┌──

Lemma lin_sys_cv eps : 0 < eps -> exists N, forall M x, (N <= M)%nat -> lin_sys s M x ->
  forall k, (k <= s)%nat -> Rabs (x k - x_lim s k) < eps.
Proof.
  intros Heps. destruct (nk_separated_eventually s hs) as [Ng HNg].
  destruct (eventually_forall_le
              (fun M k => Rabs (moment_sol (rel_node s M) s k - x_lim s k) < eps) s) as [N HN].
  { intros k Hk. exact (moment_sol_cv s hs k Hk eps Heps). }
  exists (max N (max Ng 1)). intros M x HM Hx k Hk.
  assert (Hg : nk_separated s M) by (apply HNg; lia).
  assert (HMpos : 0 < INR M) by (apply lt_0_INR; lia).
  rewrite (lin_sys_sol M x), nodeR_scale, moment_sol_scale; auto; try lia || lra.
  - apply HN; lia.
  - apply rel_node_incr; auto; lia.
Qed.

Definition signal_scale (M : nat) : R := 4 * (INR M / 4) ^ s.
Definition signal_ratio (M : nat) : R := 2 / (weight_total (rel_node s M) s * (4 / 4 ^ s)).

Lemma signal_ratio_cv : Un_cv signal_ratio 1.
Proof.
  assert (H4 : 0 < 4 ^ s) by (apply pow_lt; lra).
  unfold signal_ratio. unfold Rdiv at 1.
  replace 1 with (2 * / (weight_total (lim_node s) s * (4 / 4 ^ s)))
    by (rewrite weight_total_lim_node by auto; field; lra).
  apply CV_mult; [apply CV_const|]. apply CV_inv.
  - rewrite weight_total_lim_node by auto. apply Rgt_not_eq. unfold Rdiv.
    apply Rmult_lt_0_compat; [nra|]. apply Rmult_lt_0_compat; [lra|apply Rinv_0_lt_compat; lra].
  - apply CV_mult; [apply weight_total_cv; auto|apply CV_const].
Qed.

Lemma sig_diff_scaled M x : (1 <= M)%nat -> nk_separated s M -> lin_sys s M x ->
  sig_diff s M x = (-1) ^ s * signal_scale M * signal_ratio M.
Proof.
  intros HM Hg Hx. rewrite sig_diff_eq by auto. unfold signal_ratio, signal_scale.
  assert (HMpos : 0 < INR M) by (apply lt_0_INR; lia).
  rewrite (nodeR_scale s hs M HM), weight_total_scale by lra.
  assert (HA := weight_total_pos _ s (rel_node_incr s hs M HM Hg)).
  assert (0 < 4 ^ s) by (apply pow_lt; lra).
  unfold Rdiv. rewrite Rpow_mult_distr, pow_inv.
  field. repeat split; try lra; apply pow_nonzero; lra.
Qed.

Lemma signal_denominator M :
  (-1) ^ s * INR M ^ s * powerRZ 4 (1 - Z.of_nat s) = (-1) ^ s * signal_scale M.
Proof.
  replace (1 - Z.of_nat s)%Z with (1 + - Z.of_nat s)%Z by lia.
  rewrite powerRZ_add, powerRZ_neg', <- pow_powerRZ by lra. unfold signal_scale, Rdiv.
  rewrite Rpow_mult_distr, pow_inv. simpl powerRZ. ring.
Qed.

Lemma signal_cv eps : 0 < eps -> exists N, forall M x, (N <= M)%nat -> lin_sys s M x ->
  Rabs (sig_diff s M x / ((-1) ^ s * INR M ^ s * powerRZ 4 (1 - Z.of_nat s)) - 1) < eps.
Proof.
  intros Heps. destruct (nk_separated_eventually s hs) as [Ng HNg].
  destruct (signal_ratio_cv eps Heps) as [N HN].
  exists (max N (max Ng 1)). intros M x HM Hx.
  assert (HMpos : 0 < INR M) by (apply lt_0_INR; lia).
  assert (HK : 0 < signal_scale M)
    by (apply Rmult_lt_0_compat; [lra|apply pow_lt, Rdiv_lt_0_compat; lra]).
  rewrite signal_denominator, sig_diff_scaled by (auto; try apply HNg; lia).
  replace ((-1) ^ s * signal_scale M * signal_ratio M / ((-1) ^ s * signal_scale M))
    with (signal_ratio M) by (field; split; [lra|apply neg1_pow_neq_0]).
  apply HN; lia.
Qed.

Lemma sig_diff_le_min_dist M x r : nk_separated s M -> lin_sys s M x -> is_min_dist M s r ->
  Rabs (sig_diff s M x) <= 2 * r.
Proof.
  intros Hg Hx [[Sm [HS Hr]] _].
  destruct (in_S_dist_lower s M Sm r HS Hr) as [c Hc].
  assert (Hpos := lin_sys_pos M x Hg Hx).
  assert (Hz : sum_f_R0 (fun k => (-1) ^ k * x k * gen_poly s c (INR (nk s M k))) s = 0)
    by (apply code_moment_poly, gen_poly_is_poly; auto using lin_sys_moments).
  (* subtracting the vanishing moment of the polynomial diagonal of [S] *)
  rewrite sig_diff_moment by (auto; intros; left; auto).
  replace (sum_f_R0 (fun k => (-1) ^ k * x k * INR (nk s M k) ^ s) s)
    with (sum_f_R0 (fun k => (-1) ^ k * x k * (INR (nk s M k) ^ s - gen_poly s c (INR (nk s M k)))) s)
    by (rewrite (sum_eq _ (fun k => (-1) ^ k * x k * INR (nk s M k) ^ s
                                  - (-1) ^ k * x k * gen_poly s c (INR (nk s M k)))) by (intros; ring);
        rewrite minus_sum, Hz; ring).
  eapply Rle_trans; [apply Rsum_abs|].
  destruct Hx as [_ [_ Hmass]].
  replace (2 * r) with (r * sum_f_R0 (fun k => x k) s) by (rewrite Hmass; ring).
  rewrite scal_sum. apply sum_Rle. intros k Hk. cbv beta.
  rewrite !Rabs_mult, Rabs_neg1_pow, (Rabs_pos_eq (x k)), Rmult_1_l by (left; auto).
  apply Rmult_le_compat_l; [left; auto|]. apply Hc, nk_le_M; auto.
Qed.

Lemma min_dist_cheb_bound M : (1 <= M)%nat ->
  exists r, is_min_dist M s r /\ 2 * r <= 4 * (INR M / 4) ^ s.
Proof.
  intros HM. destruct (min_dist_exists s M hs) as [r Hr]. exists r. split; auto.
  assert (H := min_dist_le_cheb s M hs HM r Hr). unfold cheb_dev in H. lra.
Qed.
(* Matrix of a generator on V(a): mV a g b b' = coefficient of basis
   vector b in g . (basis vector b'). *)
Definition mV (a : F) (g : gen) (b b' : bool) : F :=
  match g, b, b' with
  | K1, true, true => q | K1, false, false => q^-1
  | K1i, true, true => q^-1 | K1i, false, false => q
  | K0, true, true => q^-1 | K0, false, false => q
  | K0i, true, true => q | K0i, false, false => q^-1
  | E1m, false, true => 1
  | E1p, true, false => 1
  | E0m, true, false => q / a
  | E0p, false, true => a / q
  | _, _, _ => 0
  end.

Definition id2 (b b' : bool) : F := if b == b' then 1 else 0.

(* A (x) B, for A acting on the first tensor factor V(a) and B on the rest *)
Definition tens (A : bool -> bool -> F) (B : op) : op := fun f w =>
  match w with
  | [::] => 0
  | b :: w' => A b true * B (fun u => f (true :: u)) w'
             + A b false * B (fun u => f (false :: u)) w'
  end.

(* Action of the generators on V(a_1) (x) (V(a_2) (x) ( ... (x) (V(a_d) (x) triv))),
   using the coproduct given in the paper. *)
Fixpoint act (s : seq F) : gen -> op :=
  match s with
  | [::] => fun g f w =>
      match g with
      | K0 | K1 | K0i | K1i => if w is [::] then f [::] else 0
      | _ => 0
      end
  | a :: s' => fun g =>
      match g with
      | E0p => addop (tens (mV a E0p) (act s' K0)) (tens id2 (act s' E0p))
      | E1p => addop (tens (mV a E1p) (act s' K1)) (tens id2 (act s' E1p))
      | E0m => addop (tens (mV a E0m) idop) (tens (mV a K0i) (act s' E0m))
      | E1m => addop (tens (mV a E1m) idop) (tens (mV a K1i) (act s' E1m))
      | K0 => tens (mV a K0) (act s' K0)
      | K1 => tens (mV a K1) (act s' K1)
      | K0i => tens (mV a K0i) (act s' K0i)
      | K1i => tens (mV a K1i) (act s' K1i)
      end
  end.

Variables u v us vs : F.

Definition Rop (s : seq F) : op := fun f w =>
  u * act s E0p f w + v * act s E1m (act s K1 f) w.
Definition Lop (s : seq F) : op := fun f w =>
  us * act s E1p f w + vs * act s E0m (act s K0 f) w.

(* the vector x (x) ... (x) x spanning U_0 *)
Definition u0 (d : nat) : vec := fun w => if w == nseq d true then 1 else 0.

(* split sequence: zeta_i is the scalar by which L^i R^i acts on U_0,
   read off as the coefficient of x (x) ... (x) x in L^i R^i (x (x) ... (x) x). *)
Definition zeta (s : seq F) (i : nat) : F :=
  iter i (Lop s) (iter i (Rop s) (u0 (size s))) (nseq (size s) true).

Definition sigma (s : seq F) (i : nat) : F :=
  zeta s i / \prod_(1 <= k < i.+1) (q ^+ k - q ^- k) ^+ 2.

End Std.

Definition feasible (F : fieldType) (q : F) (d : nat) : Prop :=
  forall i : nat, (1 <= i <= d)%N -> q ^+ (2 * i) != 1.

(* A vector of a standard module of diameter n is a coordinate function on
   words of length n over {x, y}; a vector of V(a) (x) W is x (x) X + y (x) Y,
   written [join X Y].  The proof has four steps.
   1. Coproduct formulas: every generator, hence R and L, acts on [join X Y]
      through its action and the K_i-action on W.  R and L shift the
      (K_0, K_1)-weights by (q^2, q^-2) and (q^-2, q^2) respectively.
   2. Branching: as R^k u0 is a weight vector, R^(k+1) u0 on V(a) (x) W is
      x (x) R^(k+1) u0 + A y (x) R^k u0 with A a sum of weights, similarly
      for L, so zeta_(k+1)(V(a) (x) W) = zeta_(k+1)(W) + B A zeta_k(W).
   3. Closed forms: A and B are (q^(k+1) - q^-(k+1)) / (q - q^-1) times
      Laurent binomials in M = q^(n-k); normalizing gives
      sigma_(k+1)(V(a) (x) W) = sigma_(k+1)(W) + coupling(M) sigma_k(W), and
      the constraints on u v^*, v u^* split coupling(M) into
      (M - M^-1)(b b^* M^-1 - c c^* M) + coupling(1).
   4. Boundary values: coupling(1) = sigma_1(V(a)) (the case n = 0), and
      sigma_(n+1)(W) = 0 when n+1 is feasible, because the K_1-eigenvalue of
      R^(n+1) u0 is not an eigenvalue of K_1 in diameter n. *)

From HB Require Import structures.
From mathcomp Require Import all_boot all_order all_algebra ring.
From Stdlib Require Import FunctionalExtensionality.
Import Order.TTheory GRing.Theory Num.Theory.
Local Open Scope ring_scope.
Set Implicit Arguments. Unset Strict Implicit.

Ltac field_nz := field; repeat (apply/andP; split); rewrite ?oner_neq0 ?expf_neq0 //.

Section QArithmetic.
Variable F : fieldType.

Lemma qdiff_neq0 (x : F) j : x != 0 -> x ^+ (2 * j) != 1 -> x ^+ j - x ^- j != 0.
Proof.
move=> x_neq0; apply: contra; rewrite subr_eq0 => /eqP h.
by rewrite mulnC exprM expr2 {1}h mulVf // expf_neq0.
Qed.

Lemma geom_sq (x : F) k : x != 0 -> x - x^-1 != 0 ->
  \sum_(i < k.+1) (x * x) ^+ i = x ^+ k * (x ^+ k.+1 - x ^- k.+1) / (x - x^-1).
Proof.
move=> x_neq0 hx; have xk_neq0 : x ^+ k != 0 by rewrite expf_neq0.
have xx1 : x * x - 1 != 0.
  by apply: contra hx; rewrite subr_eq0 => /eqP h; rewrite subr_eq0 -[x in _ == x]mulr1 -h mulKf.
by apply: (mulfI xx1); rewrite -subrX1 exprMn !exprS; field_nz.
Qed.

(* If x^(t-f), the K_1-eigenvalue of a word with t letters x and f letters y,
   equals x^n x^(-2(n+1)) with n = t + f, then x^(2(t+1)) = 1. *)
Lemma weight_gap (x : F) t f : x != 0 ->
  x ^+ t * x ^- f = x ^+ (t + f) * (x^-1 * x^-1) ^+ (t + f).+1 -> x ^+ (2 * t.+1) = 1.
Proof.
move=> x_neq0 E; have xt_neq0 : x ^+ t != 0 by rewrite expf_neq0.
have xf_neq0 : x ^+ f != 0 by rewrite expf_neq0.
rewrite exprS exprMn !exprVn exprD in E.
have -> : x ^+ (2 * t.+1) = x ^+ t * x ^- f * (x * x * x ^+ t * x ^+ f)
  by rewrite mulnC exprM expr2 exprS; field_nz.
by rewrite E; field_nz.
Qed.

End QArithmetic.

Section StandardModule.
Variables (F : fieldType) (q : F).
Hypothesis q_neq0 : q != 0.

Definition vadd (f g : vec F) : vec F := fun w => f w + g w.
Definition vscale (c : F) (f : vec F) : vec F := fun w => c * f w.
Definition vzero : vec F := fun _ => 0.

(* A vector of V(a) (x) W is x (x) X + y (x) Y; [join X Y] builds it and
   [tailx], [taily] recover the components X and Y. *)
Definition join (X Y : vec F) : vec F := fun w =>
  match w with [::] => 0 | true :: w' => X w' | false :: w' => Y w' end.
Definition tailx (f : vec F) : vec F := fun w => f (true :: w).
Definition taily (f : vec F) : vec F := fun w => f (false :: w).

Lemma tailx_join X Y : tailx (join X Y) = X. Proof. by []. Qed.
Lemma taily_join X Y : taily (join X Y) = Y. Proof. by []. Qed.

Ltac vec_ext := let w := fresh "w" in
  apply: functional_extensionality => w; case: w => [|[] w];
  rewrite /= /vadd /vscale /vzero /join /tailx /taily /addop /tens /id2 /idop /u0 /=;
  first [ring | field_nz].
Lemma denoms_pos n : 0 < snd (denoms n).
Proof.
  destruct n as [|n]; [simpl; lia|].
  destruct (denoms_prime_power (S n) ltac:(lia)) as [j [hj ->]].
  apply base_pow_pos; lia.
Qed.

Lemma denoms_recurrence n :
  snd (denoms (S n)) = quotients (S n) * snd (denoms n) + fst (denoms n) /\
  1 <= quotients (S n).
Proof.
  destruct n as [|k].
  - simpl. rewrite Z.div_1_r. pose proof (prime_ge_2 _ hp1). split; lia.
  - destruct (denoms_step k (alt_powers_all (S k) ltac:(lia))) as [_ [hdiv [hlt _]]].
    exact (quotient_of_congruent _ _ _ (denoms_pos (S k)) hdiv hlt).
Qed.

Lemma quotients_pos n : (1 <= n)%nat -> 1 <= quotients n.
Proof. intros hn. destruct n as [|n]; [lia|]. apply (denoms_recurrence n). Qed.

Lemma quotients_avoid n : quotients (S (S n)) <> cf_a (f n) (S (S n)).
Proof. exact (proj2 (proj2 (proj2 (denoms_step n (alt_powers_all (S n) ltac:(lia)))))). Qed.

Lemma cf_qpair_denoms x : (forall n, cf_a x n = quotients n) ->
  forall n, cf_qpair x n = denoms n.
Proof.
  intros hx n. induction n as [|n IH]; [reflexivity|].
  simpl cf_qpair. rewrite IH, hx.
  rewrite (surjective_pairing (denoms (S n))), denoms_fst, (proj1 (denoms_recurrence n)).
  destruct (denoms n); reflexivity.
Qed.

End Construction.
(* Let $G$ and $N$ be finitely presented groups, $Q$ a finite group, and $H$ an $N$ by $Q$ extension with transversal map $s:Q\to H$. The following are equivalent: (1) there is a surjective homomorphism $G\to H$; (2) there are homomorphisms $\tau:G\to Q$ and $\kappa:G\to H$ such that (a) $\tau$ is surjective, (b) for all $g\in G$, if $\kappa(g)=n\,s(q)$ with $n\in N$, $q\in Q$, then $q=\tau(g)$, and (c) for every $n\in N$ there exists $g\in\ker(\tau)$ with $\kappa(g)=n\,s(1_Q)$.
   Context: $H$ is an $N$ by $Q$ extension if $N$ is a normal subgroup of $H$ with $H/N\cong Q$; write $\pi_Q:H\to Q$ for the resulting epimorphism. A transversal map is a map $s:Q\to H$ with $\pi_Q(s(q))=q$ for all $q$ (so its image meets each coset of $N$ exactly once), chosen with $s(1_Q)=1_H$; every element of $H$ is uniquely $n\,s(q)$ with $n\in N$, $q\in Q$. *)

From Stdlib Require Import List.
From mathcomp Require Import all_boot.
Set Implicit Arguments.
Unset Strict Implicit.
Unset Printing Implicit Defensive.

Record group := Group {
  carrier :> Type;
  gmul : carrier -> carrier -> carrier;
  gone : carrier;
  ginv : carrier -> carrier;
  gmulA : forall x y z, gmul x (gmul y z) = gmul (gmul x y) z;
  gmul1 : forall x, gmul gone x = x;
  gmulV : forall x, gmul (ginv x) x = gone
}.

Arguments gmul {g} _ _.
Arguments gone {g}.
Arguments ginv {g} _.

Definition is_hom (G H : group) (f : G -> H) : Prop :=
  forall x y : G, f (gmul x y) = gmul (f x) (f y).

Definition surj (A B : Type) (f : A -> B) : Prop := forall y, exists x, f x = y.

Definition finite_group (G : group) : Prop :=
  exists l : list G, forall x : G, List.In x l.

(* Words in n generators: a letter (i, b) stands for x_i if b = false, x_i^-1 if b = true. *)
Definition eval_word (G : group) (n : nat) (gen : 'I_n -> G)
    (w : seq ('I_n * bool)) : G :=
  foldr (fun p acc => gmul (if p.2 then ginv (gen p.1) else gen p.1) acc) gone w.

(* G is finitely presented: G is generated by finitely many elements gen
   satisfying finitely many relators R, and <gen | R> has the universal
   property of the presented group (von Dyck): any assignment of the
   generators in any group satisfying the relators extends to a
   homomorphism.  This is equivalent to G ~= F_n / <<R>>. *)
Definition finitely_presented (G : group) : Prop :=
  exists (n : nat) (gen : 'I_n -> G) (R : seq (seq ('I_n * bool))),
    (forall x : G, exists w, eval_word gen w = x) /\
    (forall r, r \in R -> eval_word gen r = gone) /\
    (forall (K : group) (k : 'I_n -> K),
        (forall r, r \in R -> eval_word k r = gone) ->
        exists f : G -> K, is_hom f /\ forall i, f (gen i) = k i).

(* H is an N by Q extension: iota : N -> H injective hom, piQ : H -> Q
   surjective hom, and the image of iota is exactly ker piQ
   (so N is identified with a normal subgroup of H and H/N ~= Q). *)
Definition group_extension (N H Q : group) (iota : N -> H) (piQ : H -> Q) : Prop :=
  [/\ is_hom iota, injective iota, is_hom piQ, surj piQ &
      forall h : H, piQ h = gone <-> exists n : N, iota n = h].

Definition transversal_map (H Q : group) (piQ : H -> Q) (s : Q -> H) : Prop :=
  (forall q : Q, piQ (s q) = q) /\ s gone = gone.

(* The image of a homomorphism kappa : G -> H is all of H as soon as it contains
   N and maps onto Q = H/N.  Condition (b) says exactly that piQ \o kappa = tau,
   so (a) makes the image meet every coset of N, and (c) (with s 1 = 1) puts N
   in the image.  Conversely a surjection f gives tau := piQ \o f and
   kappa := f. *)
From mathcomp Require Import all_boot.

Set Implicit Arguments.
Unset Strict Implicit.

Section GroupLemmas.
Variable G : group.
Implicit Types x y : G.

Lemma gmulgV x : gmul x (ginv x) = gone.
Proof.
rewrite -[gmul x (ginv x)]gmul1 -{1}(gmulV (ginv x)) -gmulA.
by rewrite (gmulA (ginv x)) gmulV gmul1 gmulV.
Qed.

Lemma gmulg1 x : gmul x gone = x.
Proof. by rewrite -(gmulV x) gmulA gmulgV gmul1. Qed.

Lemma gmulgKV x y : gmul (gmul x (ginv y)) y = x.
Proof. by rewrite -gmulA gmulV gmulg1. Qed.

Lemma ginv_unique x y : gmul x y = gone -> x = ginv y.
Proof. by move=> xy1; rewrite -[x]gmulg1 -(gmulgV y) gmulA xy1 gmul1. Qed.

End GroupLemmas.

Section Homomorphisms.
Variables (G H : group) (f : G -> H).
Hypothesis f_hom : is_hom f.

Lemma hom1 : f gone = gone.
Proof.
have f1_idem : gmul (f gone) (f gone) = f gone by rewrite -f_hom gmul1.
by rewrite -[f gone]gmul1 -(gmulV (f gone)) -gmulA f1_idem.
Qed.

Lemma homV x : f (ginv x) = ginv (f x).
Proof. by apply: ginv_unique; rewrite -f_hom gmulV hom1. Qed.

End Homomorphisms.

Section Extension.
Variables (N H Q : group) (iota : N -> H) (piQ : H -> Q) (s : Q -> H).
Hypothesis ext : group_extension iota piQ.
Hypothesis s_transversal : transversal_map piQ s.

Lemma piQ_iota n : piQ (iota n) = gone.
Proof. by case: ext => _ _ _ _ ker; apply/ker; exists n. Qed.

Lemma piQ_iota_transversal n q : piQ (gmul (iota n) (s q)) = q.
Proof.
case: ext s_transversal => _ _ piQ_hom _ _ [s_section _].
by rewrite piQ_hom piQ_iota s_section gmul1.
Qed.

Lemma extension_decomposition h : exists n, h = gmul (iota n) (s (piQ h)).
Proof.
case: ext s_transversal => _ _ piQ_hom _ ker [s_section _].
have : piQ (gmul h (ginv (s (piQ h)))) = gone.
  by rewrite piQ_hom (homV piQ_hom) s_section gmulgV.
by case/ker=> n iota_n; exists n; rewrite iota_n gmulgKV.
Qed.

Lemma surj_hom_to_extension (G : group) (kappa : G -> H) :
    is_hom kappa -> (forall n, exists g, kappa g = iota n) ->
    surj (fun g => piQ (kappa g)) -> surj kappa.
Proof.
case: ext => iota_hom _ piQ_hom _ ker kappa_hom N_in_image onto_Q h.
have [g1 same_coset] := onto_Q (piQ h).
have : piQ (gmul h (ginv (kappa g1))) = gone.
  by rewrite piQ_hom (homV piQ_hom) same_coset gmulgV.
case/ker=> n iota_n; have [g2 kappa_g2] := N_in_image n.
by exists (gmul g2 g1); rewrite kappa_hom kappa_g2 iota_n gmulgKV.
Qed.

End Extension.

Theorem lemma2p5 (G N Q H : group) (iota : N -> H) (piQ : H -> Q) (s : Q -> H) :
  finitely_presented G -> finitely_presented N -> finite_group Q ->
  group_extension iota piQ -> transversal_map piQ s ->
  ((exists f : G -> H, is_hom f /\ surj f) <->
   (exists (tau : G -> Q) (kappa : G -> H),
      [/\ is_hom tau, is_hom kappa,
          surj tau,
          (forall (g : G) (n : N) (q : Q), kappa g = gmul (iota n) (s q) -> q = tau g) &
          (forall n : N, exists g : G, tau g = gone /\ kappa g = gmul (iota n) (s gone))])).
Proof.
move=> _ _ _ ext s_tr; have [_ _ piQ_hom piQ_onto _] := ext; have [_ s1] := s_tr.
split=> [[f [f_hom f_onto]] | [tau [kappa [_ kappa_hom tau_onto coset_tau N_image]]]].
  exists (fun g => piQ (f g)), f; split=> //.
  - by move=> x y; rewrite f_hom piQ_hom.
  - by move=> q; have [h <-] := piQ_onto q; have [g <-] := f_onto h; exists g.
  - by move=> g n q ->; rewrite (piQ_iota_transversal ext s_tr).
  - move=> n; have [g kappa_g] := f_onto (gmul (iota n) (s gone)).
    by exists g; rewrite kappa_g (piQ_iota_transversal ext s_tr).
have piQ_kappa g : piQ (kappa g) = tau g.
  by have [n /coset_tau] := extension_decomposition ext s_tr (kappa g).
exists kappa; split=> //; apply: (surj_hom_to_extension ext) => // [n | q].
  by have [g [_ kappa_g]] := N_image n; exists g; rewrite kappa_g s1 gmulg1.
by have [g <-] := tau_onto q; exists g.
Qed.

└──

[Exercise] Output the line containing "(exists (tau : G" and all lines after it to the end of the records, exactly as given.

[Written reply]
   (exists (tau : G -> Q) (kappa : G -> H),
      [/\ is_hom tau, is_hom kappa,
          surj tau,
          (forall (g : G) (n : N) (q : Q), kappa g = gmul (iota n) (s q) -> q = tau g) &
          (forall n : N, exists g : G, tau g = gone /\ kappa g = gmul (iota n) (s gone))])).
Proof.
move=> _ _ _ ext s_tr; have [_ _ piQ_hom piQ_onto _] := ext; have [_ s1] := s_tr.
split=> [[f [f_hom f_onto]] | [tau [kappa [_ kappa_hom tau_onto coset_tau N_image]]]].
  exists (fun g => piQ (f g)), f; split=> //.
  - by move=> x y; rewrite f_hom piQ_hom.
  - by move=> q; have [h <-] := piQ_onto q; have [g <-] := f_onto h; exists g.
  - by move=> g n q ->; rewrite (piQ_iota_transversal ext s_tr).
  - move=> n; have [g kappa_g] := f_onto (gmul (iota n) (s gone)).
    by exists g; rewrite kappa_g (piQ_iota_transversal ext s_tr).
have piQ_kappa g : piQ (kappa g) = tau g.
  by have [n /coset_tau] := extension_decomposition ext s_tr (kappa g).
exists kappa; split=> //; apply: (surj_hom_to_extension ext) => // [n | q].
  by have [g [_ kappa_g]] := N_image n; exists g; rewrite kappa_g s1 gmulg1.
by have [g <-] := tau_onto q; exists g.
Qed.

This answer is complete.